- Associated Press - Thursday, November 4, 2010

BAODING, China | The more he heard about the person accused of killing his 20-year-old daughter in a drunken hit-and-run, the more terrified Chen Guangqian became.

The suspect’s father is a high-ranking police officer. In a country where fear of the police runs high, the 49-year-old farmer decided there was no point in fighting.

“I’m just a peasant,” he said in an interview. “If it’s unfair, let it be.”

But an angry public overruled him. The hit-and-run last month has crystallized popular outrage at China’s powerful elite and the arrogance of some children of money and power.

“My father is Li Gang!” the driver reportedly shouted when a crowd stopped his car, referring to the deputy chief of the local district police.

Artwork in China says, "My father is Li Gang," a high-ranking police officer. A drunken hit-and-run driver reportedly yelled that at witnesses who stopped his car. (Associated Press)
Artwork in China says, “My father is Li Gang,” a high-ranking police ... more >

The comment, which was reported in the media, exploded on the Internet, becoming the country’s newest catchphrase. An online contest challenged people to work “My father is Li Gang” into classical poetry. One artist used the phrase as the centerpiece of a towering art installation.

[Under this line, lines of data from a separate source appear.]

(* Let $H<G$ and $H'<G'$ be countable abelian groups such that all elements of $G/H$ and of $G'/H'$ have odd order, and suppose $r:H\to H'$ is an isomorphism. Let $\|\cdot\|_H$ be a proper norm on $H$ and $\|\cdot\|_{H'}=\|r^{-1}(\cdot)\|_H$ the induced norm on $H'$. Suppose there are one-step ascending chains $\mathcal L=\{G_0<G_1<\cdots\}$ and $\mathcal L'=\{G'_0<G'_1<\cdots\}$ associated to $H$ and $H'$ respectively with equal sequences of indexes. Let $d_G$ and $d_{G'}$ be the pseudo-ultrametrics generated by $(\|\cdot\|_H,\mathcal L)$ and $(\|\cdot\|_{H'},\mathcal L')$ (with any admissible sequences $\{K_n\}$, $\{K'_n\}$). Then $(G,d_G)$ and $(G',d_{G'})$ are coarsely equivalent, and the coarse equivalence can be chosen to be bijective.
   Context: Proper norm: $\|g\|=0$ iff $g=0$, $\|-g\|=\|g\|$, subadditive, finite balls. One-step ascending chain of a countable locally finite group $Q$: $\{0\}=Q_0<Q_1<\cdots$, $\bigcup Q_i=Q$, with $q_i$ such that $Q_i=\langle q_1,\dots,q_i\rangle$ and $q_{i+1}\notin Q_i$; the chain associated to $H$ is $G_i=\pi^{-1}(Q_i)$ ($\pi:G\to G/H$), with generators $g_i\in\pi^{-1}(q_i)$ and indexes $m_i=[G_i:G_{i-1}]=2k_i+1$. Every $g\in G$ has a unique representation $g=h_g+\sum r_ig_i$ with $h_g\in H$, $r_i\in[-k_i,k_i]\cap\mathbb Z$, almost all zero. Given positive $K_n$ strictly increasing to $\infty$ with $K_n\ge\sum_{i=1}^n(n-i+1)\|h_{m_ig_i}\|_H$ (admissible), the pseudo-ultrametric generated is $d_G(x,y)=\|y-x\|_G$ where $\|g\|_G=\|h_g\|_H+\|\pi(\sum r_ig_i)\|_{G/H}$ and $\|x\|_{G/H}=K_i$ for $x\in Q_i\setminus Q_{i-1}$, $\|0\|_{G/H}=0$. A coarse equivalence is a map $f$ such that for each $\delta$ there is $\epsilon$ with $d(x,y)\le\delta\Rightarrow d(f x,f y)\le\epsilon$, with a map $g$ of the same kind such that $fg$, $gf$ are at bounded distance from the identities. *)

From HB Require Import structures.
From mathcomp Require Import all_boot all_order all_algebra.
From mathcomp Require Import reals.
From Stdlib Require Import ClassicalEpsilon.
Set Implicit Arguments. Unset Strict Implicit. Unset Printing Implicit Defensive.
Import Order.TTheory GRing.Theory Num.Theory.
Local Open Scope ring_scope.

Definition countable_type (T : Type) : Prop := exists f : T -> nat, injective f.

Definition subgroup (G : zmodType) (H : G -> Prop) : Prop :=
  H 0 /\ forall x y, H x -> H y -> H (x - y).

Definition odd_order_mod (G : zmodType) (H : G -> Prop) (x : G) : Prop :=
  exists n : nat, (0 < n)%N /\ H (x *+ n) /\
    (forall k : nat, (0 < k < n)%N -> ~ H (x *+ k)) /\ odd n.

Definition iso_on (G G' : zmodType) (H : G -> Prop) (H' : G' -> Prop)
  (r : G -> G') : Prop :=
  (forall x, H x -> H' (r x)) /\
  (forall x y, H x -> H y -> r (x + y) = r x + r y) /\
  (forall x y, H x -> H y -> r x = r y -> x = y) /\
  (forall y, H' y -> exists2 x, H x & r x = y).

Definition proper_norm (R : realType) (G : zmodType) (H : G -> Prop)
  (nH : G -> R) : Prop :=
  (forall x, H x -> (nH x = 0 <-> x = 0)) /\
  (forall x, H x -> nH (- x) = nH x) /\
  (forall x y, H x -> H y -> nH (x + y) <= nH x + nH y) /\
  (forall rho : R, exists s : seq G, forall x, H x -> nH x <= rho -> x \in s).

(* G_i = pi^{-1}(<q_1,...,q_i>) where q_j = pi(g_j); G_0 = H. *)
Definition chain_level (G : zmodType) (H : G -> Prop) (g : nat -> G) (i : nat)
  : G -> Prop :=
  fun x => exists c : nat -> int, H (x - \sum_(1 <= j < i.+1) g j *~ c j).

Definition one_step_chain (G : zmodType) (H : G -> Prop) (g : nat -> G) : Prop :=
  (forall i : nat, ~ chain_level H g i (g i.+1)) /\
  (forall x, exists i, chain_level H g i x).

Definition has_index (G : zmodType) (A B : G -> Prop) (n : nat) : Prop :=
  exists f : 'I_n -> G, (forall k, A (f k)) /\
    (forall a, A a -> exists! k, B (a - f k)).

(* k_i with m_i = 2 k_i + 1 *)
Definition half_range (m : nat -> nat) (i : nat) : nat := ((m i).-1)./2.

Definition chain_repr (G : zmodType) (H : G -> Prop) (g : nat -> G)
  (m : nat -> nat) (x h : G) : Prop :=
  H h /\ exists (r : nat -> int) (N : nat),
    (forall i, (N <= i)%N -> r i = 0) /\
    (forall i, (1 <= i)%N -> `|r i| <= (half_range m i)%:Z) /\
    x = h + \sum_(1 <= i < N) g i *~ r i.

Definition hpart (G : zmodType) (H : G -> Prop) (g : nat -> G)
  (m : nat -> nat) (x : G) : G :=
  epsilon (inhabits 0) (fun h => chain_repr H g m x h).

(* The norm on G/H, lifted to G: K_i on G_i \ G_{i-1} (i >= 1), 0 on H. *)
Definition quot_norm (R : realType) (G : zmodType) (H : G -> Prop)
  (g : nat -> G) (K : nat -> R) (x : G) : R :=
  epsilon (inhabits 0) (fun v =>
    (H x /\ v = 0) \/
    exists i : nat, (1 <= i)%N /\ chain_level H g i x /\
      ~ chain_level H g i.-1 x /\ v = K i).

Definition gnorm (R : realType) (G : zmodType) (H : G -> Prop) (g : nat -> G)
  (m : nat -> nat) (nH : G -> R) (K : nat -> R) (x : G) : R :=
  nH (hpart H g m x) + quot_norm H g K (x - hpart H g m x).

Definition gdist (R : realType) (G : zmodType) (H : G -> Prop) (g : nat -> G)
  (m : nat -> nat) (nH : G -> R) (K : nat -> R) (x y : G) : R :=
  gnorm H g m nH K (y - x).

Definition admissible (R : realType) (G : zmodType) (H : G -> Prop)
  (g : nat -> G) (m : nat -> nat) (nH : G -> R) (K : nat -> R) : Prop :=
  (forall n, (1 <= n)%N -> 0 < K n) /\
  (forall n, (1 <= n)%N -> K n < K n.+1) /\
  (forall M : R, exists n, (1 <= n)%N /\ M < K n) /\
  (forall n, (1 <= n)%N ->
     \sum_(1 <= i < n.+1) (n - i + 1)%:R * nH (hpart H g m (g i *+ m i)) <= K n).

Definition coarse_map (R : realType) (X Y : Type) (dX : X -> X -> R)
  (dY : Y -> Y -> R) (f : X -> Y) : Prop :=
  forall delta : R, exists eps : R, forall x y,
    dX x y <= delta -> dY (f x) (f y) <= eps.

Definition coarse_equivalence (R : realType) (X Y : Type) (dX : X -> X -> R)
  (dY : Y -> Y -> R) (f : X -> Y) : Prop :=
  coarse_map dX dY f /\
  exists h : Y -> X, coarse_map dY dX h /\
    (exists C : R, forall x, dX (h (f x)) x <= C) /\
    (exists C : R, forall y, dY (f (h y)) y <= C).

(* Since every element of [G/H] has odd order and the chain is one-step, [g_i] has order
   [m_i = 2 k_i + 1] modulo [G_(i-1)], so every [x] is uniquely [h + \sum r_i g_i] with [h] in
   [H] and balanced digits [|r_i| <= k_i].  The indexes being equal,
   [h + \sum r_i g_i |-> r h + \sum r_i g'_i] is a bijection [G -> G'], inverse to the same
   construction built from [r^-1].  It is coarse: a [d_G]-ball lies in some [G_n] and has finitely
   many [H]-components, and adding [z] in [G_n] to [x] only changes the digits of [x] up to
   level [n], so [f (x + z) - f x] takes finitely many values. *)

From Pilot Require Import Defs.
From HB Require Import structures.
From mathcomp Require Import all_boot all_order all_algebra.
From mathcomp Require Import reals.
From mathcomp Require Import zify lra.
From Stdlib Require Import ClassicalEpsilon Classical.
Set Implicit Arguments. Unset Strict Implicit. Unset Printing Implicit Defensive.
Import Order.TTheory GRing.Theory Num.Theory.
Local Open Scope ring_scope.

Section Subgroup.
Variables (G : zmodType) (P : G -> Prop).
Hypothesis sP : subgroup P.

Lemma subgroup0 : P 0. Proof. by case: sP. Qed.

Lemma subgroupB x y : P x -> P y -> P (x - y). Proof. by case: sP => _; apply. Qed.

Lemma subgroupN x : P x -> P (- x).
Proof. by move=> Px; rewrite -sub0r; apply: subgroupB => //; apply: subgroup0. Qed.

Lemma subgroupD x y : P x -> P y -> P (x + y).
Proof. by move=> Px Py; rewrite -[y]opprK; apply/subgroupB/subgroupN. Qed.

Lemma subgroupMz x z : P x -> P (x *~ z).
Proof.
move=> Px; have PMn n : P (x *+ n).
  elim: n => [|n IH]; first by rewrite mulr0n; apply: subgroup0.
  by rewrite mulrS; apply: subgroupD.
by case: z => n; [apply: PMn | rewrite NegzE mulrNz; apply/subgroupN/PMn].
Qed.

Lemma subgroupDr x y : P y -> P (x + y) <-> P x.
Proof.
move=> Py; split=> [Pxy|Px]; last exact: subgroupD.
by rewrite -(addrK y x); apply: subgroupB.
Qed.

End Subgroup.

Lemma ex_least (P : nat -> Prop) n : P n -> exists k, P k /\ forall j, (j < k)%N -> ~ P j.
Proof.
move=> Pn; apply: NNPP => none.
suff: forall k j, (j <= k)%N -> ~ P j by move/(_ n n (leqnn n)).
elim=> [|k IH] j le Pj; apply: none; exists j; split=> // i lt Pi.
  by move: lt; rewrite ltnNge (leq_trans le).
by apply: (IH i) => //; rewrite -ltnS (leq_trans lt).
Qed.

Lemma int_euclid (z : int) (o : nat) : (0 < o)%N ->
  exists (q : int) (r : 'I_o), z = q * o%:Z + (r : nat)%:Z.
Proof.
move=> o0; have o0' : o%:Z != 0 by rewrite eqz_nat -lt0n.
have r0 := modz_ge0 z o0'; have ro := ltz_mod z o0'.
have rlt : (`|(z %% o)%Z| < o)%N by lia.
by exists (z %/ o)%Z, (Ordinal rlt); rewrite /= gez0_abs // -divz_eq.
Qed.

Lemma dvdz_small_eq0 (d : nat) (z : int) : `|z| < d%:Z -> (d%:Z %| z)%Z -> z = 0.
Proof.
move=> lt dz; apply/eqP; rewrite -absz_eq0 -leqn0 leqNgt; apply/negP => z0.
by have := dvdn_leq z0 dz; lia.
Qed.

Section Period.
Variables (G : zmodType) (P : G -> Prop) (a : G).
Hypothesis sP : subgroup P.

Lemma subgroup_period N : (0 < N)%N -> P (a *+ N) ->
  exists2 o, (o %| N)%N & forall z : int, P (a *~ z) <-> (o%:Z %| z)%Z.
Proof.
move=> N0 PN.
have [o [[o0 Po] omin]] := @ex_least (fun j => 0 < j /\ P (a *+ j))%N N (conj N0 PN).
have Pz z : P (a *~ z) <-> (o%:Z %| z)%Z.
  have [q [r ->]] := int_euclid z o0.
  have -> : P (a *~ (q * o%:Z + r%:Z)) <-> P (a *+ r).
    rewrite mulrzDr addrC -pmulrn; apply: (subgroupDr sP).
    by rewrite mulrC mulrzA; apply: (subgroupMz sP); exact: Po.
  rewrite rpredDl ?dvdz_mull //; change (P (a *+ r) <-> (o %| r)%N).
  have [-> | r0] := posnP r; first by rewrite dvdn0 mulr0n; split=> // _; apply: subgroup0.
  split=> [Pr | /(dvdn_leq r0)]; last by rewrite leqNgt ltn_ord.
  by exfalso; apply: (omin r (ltn_ord r)).
by exists o => //; apply/(Pz N).
Qed.

Variables (Q : G -> Prop) (M o : nat).
Hypothesis o0 : (0 < o)%N.
Hypothesis Pa : forall z : int, P (a *~ z) <-> (o%:Z %| z)%Z.
Hypothesis QP : forall x, Q x <-> exists t, P (x - a *~ t).

Lemma subgroup_reduce x : Q x -> exists t : 'I_o, P (x - a *+ t).
Proof.
case/QP=> z Pz; have [q [r ez]] := int_euclid z o0; exists r.
have -> : x - a *+ r = (x - a *~ z) + a *~ (q * o%:Z).
  by rewrite ez mulrzDr -pmulrn opprD addrA addrAC subrK.
by apply: subgroupD => //; apply/Pa/dvdz_mull.
Qed.

(* The cosets of [P] in [Q = P + <a>] are those of [0, a, ..., (o-1) a]. *)
Lemma index_period : has_index Q P M -> M = o.
Proof.
case=> f [Qf uniqf].
have Qat (t : nat) : Q (a *+ t) by apply/QP; exists (t%:Z); rewrite pmulrn subrr; apply: subgroup0.
have phiP (t : 'I_o) : exists k, P (a *+ t - f k).
  by have [k [Pk _]] := uniqf _ (Qat t); exists k.
have psiP (k : 'I_M) : exists t : 'I_o, P (f k - a *+ t) by apply/subgroup_reduce/Qf.
have [phi phiE] := choice _ phiP; have [psi psiE] := choice _ psiP.
apply/eqP; rewrite eqn_leq; apply/andP; split.
- have /leq_card : injective psi.
    move=> k1 k2 e; have := subgroupB sP (psiE k1) (psiE k2).
    rewrite e opprB addrA subrK => P12.
    have [k [_ uk]] := uniqf _ (Qf k1).
    by rewrite -(uk k1) ?(uk k2) // subrr; apply: subgroup0.
  by rewrite !card_ord.
- have /leq_card : injective phi.
    move=> t1 t2 e; have := subgroupB sP (phiE t1) (phiE t2).
    rewrite e opprB addrA subrK !pmulrn -mulrzBr => /Pa d.
    apply: val_inj; apply/eqP; rewrite -eqz_nat -subr_eq0.
    by apply/eqP/(dvdz_small_eq0 _ d); have := ltn_ord t1; have := ltn_ord t2; lia.
  by rewrite !card_ord.
Qed.
End Period.

Lemma half_rangeE (m : nat -> nat) i : odd (m i) -> (2 * half_range m i + 1)%N = m i.
Proof.
rewrite /half_range addn1 mul2n.
by case: (m i) => //= M /negPf oM; rewrite halfK oM subn0.
Qed.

On the night of Oct. 16, a car struck first-year student Chen Xiaofeng on a Hebei University campus. Li Qiming, 22, is accused of driving under the influence of alcohol, hitting Miss Chen and driving away.

Six days later, state broadcaster China Central Television (CCTV) aired an unusual pair of interviews with Mr. Li and his father. Both of them wept and apologized. The senior police officer bowed in front of the camera for half a minute, until the reporter helped him up.

“I will not shield my child,” the elder Mr. Li said.

Zhang Kai, a Beijing-based human rights lawyer who has taken up the Chen case, questioned the motive behind the interviews and whether Deputy Chief Li Gang used his influence to make them happen.

On his blog, Mr. Zhang also asked how CCTV, as the broadcaster is known, was able to interview the son, saying Chinese law allows only police, prosecutors, legal workers and lawyers to enter a detention center.

Chen Guangqian, the victim’s father, has not been interviewed by CCTV.

“CCTV only cares about the upper class and not us victims,” Mr. Chen said. “If they found and talked to Li Gang, then they should have found and talked to me, too.”

Many in China are cowed by police power, and no witnesses have come forward in response to a plea from Mr. Zhang, even though photos show dozens at the scene.

“Nobody dares speak out” except on the Internet, the lawyer said.